Task to complete: Line by line, reproduce exactly the beginning of the listing below, ending with the line that contains "(* \tilde D(z,Q_Y)" and adding nothing.

Data records:

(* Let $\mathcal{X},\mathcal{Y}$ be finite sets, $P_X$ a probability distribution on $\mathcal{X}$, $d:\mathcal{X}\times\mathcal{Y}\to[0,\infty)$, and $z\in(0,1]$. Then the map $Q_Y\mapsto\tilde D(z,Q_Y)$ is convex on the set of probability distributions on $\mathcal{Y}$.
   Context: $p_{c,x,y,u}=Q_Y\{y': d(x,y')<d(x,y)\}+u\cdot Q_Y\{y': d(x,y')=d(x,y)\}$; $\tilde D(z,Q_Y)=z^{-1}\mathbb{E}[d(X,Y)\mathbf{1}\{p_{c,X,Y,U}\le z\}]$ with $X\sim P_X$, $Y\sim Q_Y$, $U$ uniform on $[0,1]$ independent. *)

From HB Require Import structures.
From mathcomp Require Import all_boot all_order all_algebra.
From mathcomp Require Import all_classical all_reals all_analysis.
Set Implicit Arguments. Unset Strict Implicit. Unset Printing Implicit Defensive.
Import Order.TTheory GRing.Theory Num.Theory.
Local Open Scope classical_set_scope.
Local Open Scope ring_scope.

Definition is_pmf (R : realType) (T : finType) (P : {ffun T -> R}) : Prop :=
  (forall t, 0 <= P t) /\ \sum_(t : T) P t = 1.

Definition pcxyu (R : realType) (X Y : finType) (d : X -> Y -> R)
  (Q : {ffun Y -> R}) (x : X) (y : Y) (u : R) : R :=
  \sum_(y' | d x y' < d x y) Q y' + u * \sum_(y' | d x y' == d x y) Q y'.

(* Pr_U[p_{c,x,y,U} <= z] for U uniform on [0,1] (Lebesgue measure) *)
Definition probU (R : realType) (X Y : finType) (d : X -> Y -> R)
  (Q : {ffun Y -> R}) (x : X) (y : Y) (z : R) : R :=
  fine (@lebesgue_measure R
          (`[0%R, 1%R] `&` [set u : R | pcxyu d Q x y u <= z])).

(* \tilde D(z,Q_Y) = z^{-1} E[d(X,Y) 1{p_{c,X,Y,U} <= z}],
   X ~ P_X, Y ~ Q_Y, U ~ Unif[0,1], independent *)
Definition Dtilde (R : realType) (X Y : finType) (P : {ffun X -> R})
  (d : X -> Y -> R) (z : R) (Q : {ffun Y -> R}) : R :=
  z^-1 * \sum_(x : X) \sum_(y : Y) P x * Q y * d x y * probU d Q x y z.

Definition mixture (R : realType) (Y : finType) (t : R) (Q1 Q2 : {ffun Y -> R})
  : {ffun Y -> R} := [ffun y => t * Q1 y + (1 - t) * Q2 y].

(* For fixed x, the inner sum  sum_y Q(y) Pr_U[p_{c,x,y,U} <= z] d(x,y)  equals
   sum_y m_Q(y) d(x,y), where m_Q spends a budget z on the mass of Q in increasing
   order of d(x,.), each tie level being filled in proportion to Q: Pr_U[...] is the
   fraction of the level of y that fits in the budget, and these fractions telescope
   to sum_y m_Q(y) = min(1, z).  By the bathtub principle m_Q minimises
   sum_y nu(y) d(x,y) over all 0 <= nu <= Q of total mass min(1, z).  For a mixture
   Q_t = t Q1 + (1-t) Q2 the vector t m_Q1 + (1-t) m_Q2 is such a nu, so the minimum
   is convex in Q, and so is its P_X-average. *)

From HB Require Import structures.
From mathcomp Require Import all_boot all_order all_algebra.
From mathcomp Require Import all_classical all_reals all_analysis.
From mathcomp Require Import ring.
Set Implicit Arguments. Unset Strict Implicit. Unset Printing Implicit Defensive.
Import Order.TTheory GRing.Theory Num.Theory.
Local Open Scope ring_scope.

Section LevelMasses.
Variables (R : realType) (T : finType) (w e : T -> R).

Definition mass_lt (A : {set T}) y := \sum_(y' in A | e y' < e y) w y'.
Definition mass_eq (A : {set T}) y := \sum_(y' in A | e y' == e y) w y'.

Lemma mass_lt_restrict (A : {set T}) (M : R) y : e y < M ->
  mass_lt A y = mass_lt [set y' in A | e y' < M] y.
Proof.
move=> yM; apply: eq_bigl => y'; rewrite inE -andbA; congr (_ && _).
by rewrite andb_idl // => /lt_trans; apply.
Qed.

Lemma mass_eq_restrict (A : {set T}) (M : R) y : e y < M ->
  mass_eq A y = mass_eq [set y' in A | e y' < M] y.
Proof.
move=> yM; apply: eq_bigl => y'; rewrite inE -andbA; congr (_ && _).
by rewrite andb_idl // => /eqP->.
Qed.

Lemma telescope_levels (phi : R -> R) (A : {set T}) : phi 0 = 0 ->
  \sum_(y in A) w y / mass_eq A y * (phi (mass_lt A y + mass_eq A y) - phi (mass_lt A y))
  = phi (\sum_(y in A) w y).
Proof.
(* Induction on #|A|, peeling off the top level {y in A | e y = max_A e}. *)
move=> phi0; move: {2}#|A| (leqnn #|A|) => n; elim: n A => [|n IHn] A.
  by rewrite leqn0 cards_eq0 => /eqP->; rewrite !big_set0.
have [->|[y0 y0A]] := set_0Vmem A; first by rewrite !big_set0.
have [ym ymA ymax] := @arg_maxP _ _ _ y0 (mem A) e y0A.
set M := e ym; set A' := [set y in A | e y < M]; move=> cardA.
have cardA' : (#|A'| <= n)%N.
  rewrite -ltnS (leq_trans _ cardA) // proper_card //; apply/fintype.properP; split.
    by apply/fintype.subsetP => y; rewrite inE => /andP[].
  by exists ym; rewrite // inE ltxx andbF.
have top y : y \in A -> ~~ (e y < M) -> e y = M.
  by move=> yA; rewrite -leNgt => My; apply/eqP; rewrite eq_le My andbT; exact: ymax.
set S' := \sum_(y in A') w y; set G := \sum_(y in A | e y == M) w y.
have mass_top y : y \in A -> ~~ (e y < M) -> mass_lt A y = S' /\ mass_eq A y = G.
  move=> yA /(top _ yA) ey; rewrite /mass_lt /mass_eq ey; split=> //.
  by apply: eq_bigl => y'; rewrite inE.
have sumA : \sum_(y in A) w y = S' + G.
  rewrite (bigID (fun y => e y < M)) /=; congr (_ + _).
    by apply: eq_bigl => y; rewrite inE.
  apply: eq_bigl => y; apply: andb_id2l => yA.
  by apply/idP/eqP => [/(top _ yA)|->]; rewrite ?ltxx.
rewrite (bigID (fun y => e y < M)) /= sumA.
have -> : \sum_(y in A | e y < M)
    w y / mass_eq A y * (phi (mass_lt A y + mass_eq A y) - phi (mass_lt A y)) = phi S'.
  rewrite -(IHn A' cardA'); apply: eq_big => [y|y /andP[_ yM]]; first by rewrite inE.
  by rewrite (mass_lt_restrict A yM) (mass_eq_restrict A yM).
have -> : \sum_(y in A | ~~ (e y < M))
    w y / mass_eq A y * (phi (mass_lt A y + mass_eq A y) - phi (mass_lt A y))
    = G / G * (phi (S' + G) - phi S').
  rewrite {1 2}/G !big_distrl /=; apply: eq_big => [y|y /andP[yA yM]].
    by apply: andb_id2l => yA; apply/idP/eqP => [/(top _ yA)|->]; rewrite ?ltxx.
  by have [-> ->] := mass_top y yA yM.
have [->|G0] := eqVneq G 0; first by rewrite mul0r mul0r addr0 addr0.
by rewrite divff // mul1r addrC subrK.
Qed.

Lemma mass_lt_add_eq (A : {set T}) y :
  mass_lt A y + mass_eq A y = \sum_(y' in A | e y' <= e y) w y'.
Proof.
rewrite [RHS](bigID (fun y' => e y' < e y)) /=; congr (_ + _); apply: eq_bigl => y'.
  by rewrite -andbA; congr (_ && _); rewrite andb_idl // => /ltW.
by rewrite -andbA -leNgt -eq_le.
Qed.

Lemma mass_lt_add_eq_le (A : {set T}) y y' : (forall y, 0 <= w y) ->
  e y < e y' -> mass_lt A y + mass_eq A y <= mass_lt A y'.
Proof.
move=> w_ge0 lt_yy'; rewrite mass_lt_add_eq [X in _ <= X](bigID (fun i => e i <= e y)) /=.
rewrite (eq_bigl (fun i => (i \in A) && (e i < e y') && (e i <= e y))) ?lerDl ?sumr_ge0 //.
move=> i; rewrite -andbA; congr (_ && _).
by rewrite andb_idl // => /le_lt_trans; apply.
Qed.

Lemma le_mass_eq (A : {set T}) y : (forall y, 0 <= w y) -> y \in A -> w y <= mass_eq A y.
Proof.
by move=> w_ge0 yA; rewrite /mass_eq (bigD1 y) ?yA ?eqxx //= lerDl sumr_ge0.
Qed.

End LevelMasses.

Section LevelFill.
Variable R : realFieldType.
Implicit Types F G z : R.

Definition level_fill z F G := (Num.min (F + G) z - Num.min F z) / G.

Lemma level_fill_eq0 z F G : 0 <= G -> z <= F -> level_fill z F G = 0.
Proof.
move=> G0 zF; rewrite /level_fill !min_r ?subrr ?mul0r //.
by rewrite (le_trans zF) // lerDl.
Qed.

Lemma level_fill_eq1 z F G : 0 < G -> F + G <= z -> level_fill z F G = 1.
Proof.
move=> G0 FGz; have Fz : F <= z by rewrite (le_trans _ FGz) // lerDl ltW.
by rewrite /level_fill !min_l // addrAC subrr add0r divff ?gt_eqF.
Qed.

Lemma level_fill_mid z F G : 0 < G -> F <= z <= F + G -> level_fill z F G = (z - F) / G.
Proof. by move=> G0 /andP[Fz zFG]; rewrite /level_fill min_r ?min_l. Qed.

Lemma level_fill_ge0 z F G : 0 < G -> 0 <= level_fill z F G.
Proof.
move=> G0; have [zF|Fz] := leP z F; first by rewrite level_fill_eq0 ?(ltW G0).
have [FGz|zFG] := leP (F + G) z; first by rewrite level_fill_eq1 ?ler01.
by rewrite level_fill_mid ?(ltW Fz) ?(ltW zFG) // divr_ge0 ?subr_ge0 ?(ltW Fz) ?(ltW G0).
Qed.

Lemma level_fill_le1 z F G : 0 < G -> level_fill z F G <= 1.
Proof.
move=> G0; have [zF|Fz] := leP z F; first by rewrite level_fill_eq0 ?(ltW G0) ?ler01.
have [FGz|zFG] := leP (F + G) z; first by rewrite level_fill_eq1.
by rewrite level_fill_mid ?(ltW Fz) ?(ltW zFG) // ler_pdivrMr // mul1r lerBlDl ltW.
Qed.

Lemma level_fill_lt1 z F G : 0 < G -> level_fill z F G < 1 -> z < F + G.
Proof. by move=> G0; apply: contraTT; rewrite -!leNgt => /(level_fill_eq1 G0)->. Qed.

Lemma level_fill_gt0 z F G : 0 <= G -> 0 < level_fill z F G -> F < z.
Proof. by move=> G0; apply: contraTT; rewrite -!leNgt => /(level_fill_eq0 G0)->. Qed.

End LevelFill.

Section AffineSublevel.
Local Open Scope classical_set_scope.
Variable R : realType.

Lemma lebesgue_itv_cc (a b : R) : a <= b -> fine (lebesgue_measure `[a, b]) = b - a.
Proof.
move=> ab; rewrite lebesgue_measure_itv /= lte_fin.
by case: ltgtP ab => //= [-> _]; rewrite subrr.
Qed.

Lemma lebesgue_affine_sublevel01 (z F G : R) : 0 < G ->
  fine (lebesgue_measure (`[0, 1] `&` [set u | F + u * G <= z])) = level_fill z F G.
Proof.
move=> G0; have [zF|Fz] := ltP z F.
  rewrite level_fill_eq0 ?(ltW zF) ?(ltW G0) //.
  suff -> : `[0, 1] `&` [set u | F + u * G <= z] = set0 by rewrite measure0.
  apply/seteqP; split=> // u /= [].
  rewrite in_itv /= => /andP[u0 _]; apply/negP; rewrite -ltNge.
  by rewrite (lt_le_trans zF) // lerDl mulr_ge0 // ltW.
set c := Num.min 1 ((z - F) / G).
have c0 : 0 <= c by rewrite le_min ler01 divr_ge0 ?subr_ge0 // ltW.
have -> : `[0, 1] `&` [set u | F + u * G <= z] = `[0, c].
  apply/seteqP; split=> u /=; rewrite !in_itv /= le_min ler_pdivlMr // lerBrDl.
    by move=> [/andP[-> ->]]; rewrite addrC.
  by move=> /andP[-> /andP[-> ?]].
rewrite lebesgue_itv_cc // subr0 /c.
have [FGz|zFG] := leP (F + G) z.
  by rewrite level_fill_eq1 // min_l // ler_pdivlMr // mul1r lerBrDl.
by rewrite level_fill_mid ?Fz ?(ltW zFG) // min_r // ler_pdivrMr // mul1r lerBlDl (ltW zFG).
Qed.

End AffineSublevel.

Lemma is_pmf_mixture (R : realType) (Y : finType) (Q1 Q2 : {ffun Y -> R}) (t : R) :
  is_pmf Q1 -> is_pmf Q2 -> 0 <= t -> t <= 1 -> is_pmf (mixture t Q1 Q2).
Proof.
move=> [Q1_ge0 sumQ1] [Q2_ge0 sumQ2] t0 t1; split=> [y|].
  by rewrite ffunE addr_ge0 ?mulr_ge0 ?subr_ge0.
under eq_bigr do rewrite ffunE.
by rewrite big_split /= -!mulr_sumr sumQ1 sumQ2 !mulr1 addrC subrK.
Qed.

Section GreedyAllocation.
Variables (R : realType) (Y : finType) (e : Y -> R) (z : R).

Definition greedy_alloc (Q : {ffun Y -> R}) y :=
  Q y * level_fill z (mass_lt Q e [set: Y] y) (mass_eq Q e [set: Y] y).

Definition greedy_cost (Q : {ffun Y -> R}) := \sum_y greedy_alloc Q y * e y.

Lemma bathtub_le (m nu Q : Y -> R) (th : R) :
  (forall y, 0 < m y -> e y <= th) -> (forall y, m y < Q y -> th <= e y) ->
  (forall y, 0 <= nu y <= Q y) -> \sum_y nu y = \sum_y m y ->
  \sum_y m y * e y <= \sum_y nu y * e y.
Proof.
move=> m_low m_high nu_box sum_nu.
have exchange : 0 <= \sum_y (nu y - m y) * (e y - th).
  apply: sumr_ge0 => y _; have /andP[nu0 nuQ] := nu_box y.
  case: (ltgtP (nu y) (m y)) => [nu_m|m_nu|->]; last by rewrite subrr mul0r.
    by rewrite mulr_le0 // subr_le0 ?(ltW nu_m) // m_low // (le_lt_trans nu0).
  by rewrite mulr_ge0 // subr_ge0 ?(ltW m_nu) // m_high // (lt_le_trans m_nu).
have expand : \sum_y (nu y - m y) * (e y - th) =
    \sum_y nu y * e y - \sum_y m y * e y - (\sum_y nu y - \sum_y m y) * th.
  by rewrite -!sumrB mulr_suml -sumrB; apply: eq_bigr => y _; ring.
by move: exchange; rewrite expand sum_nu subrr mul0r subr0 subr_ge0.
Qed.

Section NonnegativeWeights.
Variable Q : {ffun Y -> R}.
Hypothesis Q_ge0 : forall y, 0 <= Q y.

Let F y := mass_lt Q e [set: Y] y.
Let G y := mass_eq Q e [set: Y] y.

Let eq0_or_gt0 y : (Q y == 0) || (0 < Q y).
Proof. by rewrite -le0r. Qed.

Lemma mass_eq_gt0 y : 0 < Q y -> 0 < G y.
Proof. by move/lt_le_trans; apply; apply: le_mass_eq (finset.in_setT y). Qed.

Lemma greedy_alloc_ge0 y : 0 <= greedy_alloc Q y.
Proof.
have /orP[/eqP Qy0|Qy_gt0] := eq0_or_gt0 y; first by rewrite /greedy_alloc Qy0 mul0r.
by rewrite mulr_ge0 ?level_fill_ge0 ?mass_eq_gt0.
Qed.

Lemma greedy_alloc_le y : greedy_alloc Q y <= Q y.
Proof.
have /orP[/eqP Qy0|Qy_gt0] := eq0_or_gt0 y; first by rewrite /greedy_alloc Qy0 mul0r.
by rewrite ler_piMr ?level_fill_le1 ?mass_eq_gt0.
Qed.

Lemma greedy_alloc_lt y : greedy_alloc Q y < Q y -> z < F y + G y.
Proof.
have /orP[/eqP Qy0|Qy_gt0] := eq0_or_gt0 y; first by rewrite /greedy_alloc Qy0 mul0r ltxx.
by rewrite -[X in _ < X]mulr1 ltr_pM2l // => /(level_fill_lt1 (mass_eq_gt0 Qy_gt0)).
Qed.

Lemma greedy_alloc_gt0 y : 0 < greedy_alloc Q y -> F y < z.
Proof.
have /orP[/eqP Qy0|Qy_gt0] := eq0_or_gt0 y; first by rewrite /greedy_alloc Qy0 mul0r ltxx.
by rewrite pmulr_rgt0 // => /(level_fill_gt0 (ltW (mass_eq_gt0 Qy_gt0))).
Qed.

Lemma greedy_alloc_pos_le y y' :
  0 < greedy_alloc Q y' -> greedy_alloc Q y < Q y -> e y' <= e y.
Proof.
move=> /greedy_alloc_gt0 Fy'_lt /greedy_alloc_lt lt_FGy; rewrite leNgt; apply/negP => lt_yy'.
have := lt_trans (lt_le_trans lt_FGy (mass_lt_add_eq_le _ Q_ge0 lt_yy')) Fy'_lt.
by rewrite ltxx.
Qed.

Expected answer:
(* Let $\mathcal{X},\mathcal{Y}$ be finite sets, $P_X$ a probability distribution on $\mathcal{X}$, $d:\mathcal{X}\times\mathcal{Y}\to[0,\infty)$, and $z\in(0,1]$. Then the map $Q_Y\mapsto\tilde D(z,Q_Y)$ is convex on the set of probability distributions on $\mathcal{Y}$.
   Context: $p_{c,x,y,u}=Q_Y\{y': d(x,y')<d(x,y)\}+u\cdot Q_Y\{y': d(x,y')=d(x,y)\}$; $\tilde D(z,Q_Y)=z^{-1}\mathbb{E}[d(X,Y)\mathbf{1}\{p_{c,X,Y,U}\le z\}]$ with $X\sim P_X$, $Y\sim Q_Y$, $U$ uniform on $[0,1]$ independent. *)

From HB Require Import structures.
From mathcomp Require Import all_boot all_order all_algebra.
From mathcomp Require Import all_classical all_reals all_analysis.
Set Implicit Arguments. Unset Strict Implicit. Unset Printing Implicit Defensive.
Import Order.TTheory GRing.Theory Num.Theory.
Local Open Scope classical_set_scope.
Local Open Scope ring_scope.

Definition is_pmf (R : realType) (T : finType) (P : {ffun T -> R}) : Prop :=
  (forall t, 0 <= P t) /\ \sum_(t : T) P t = 1.

Definition pcxyu (R : realType) (X Y : finType) (d : X -> Y -> R)
  (Q : {ffun Y -> R}) (x : X) (y : Y) (u : R) : R :=
  \sum_(y' | d x y' < d x y) Q y' + u * \sum_(y' | d x y' == d x y) Q y'.

(* Pr_U[p_{c,x,y,U} <= z] for U uniform on [0,1] (Lebesgue measure) *)
Definition probU (R : realType) (X Y : finType) (d : X -> Y -> R)
  (Q : {ffun Y -> R}) (x : X) (y : Y) (z : R) : R :=
  fine (@lebesgue_measure R
          (`[0%R, 1%R] `&` [set u : R | pcxyu d Q x y u <= z])).

(* \tilde D(z,Q_Y) = z^{-1} E[d(X,Y) 1{p_{c,X,Y,U} <= z}],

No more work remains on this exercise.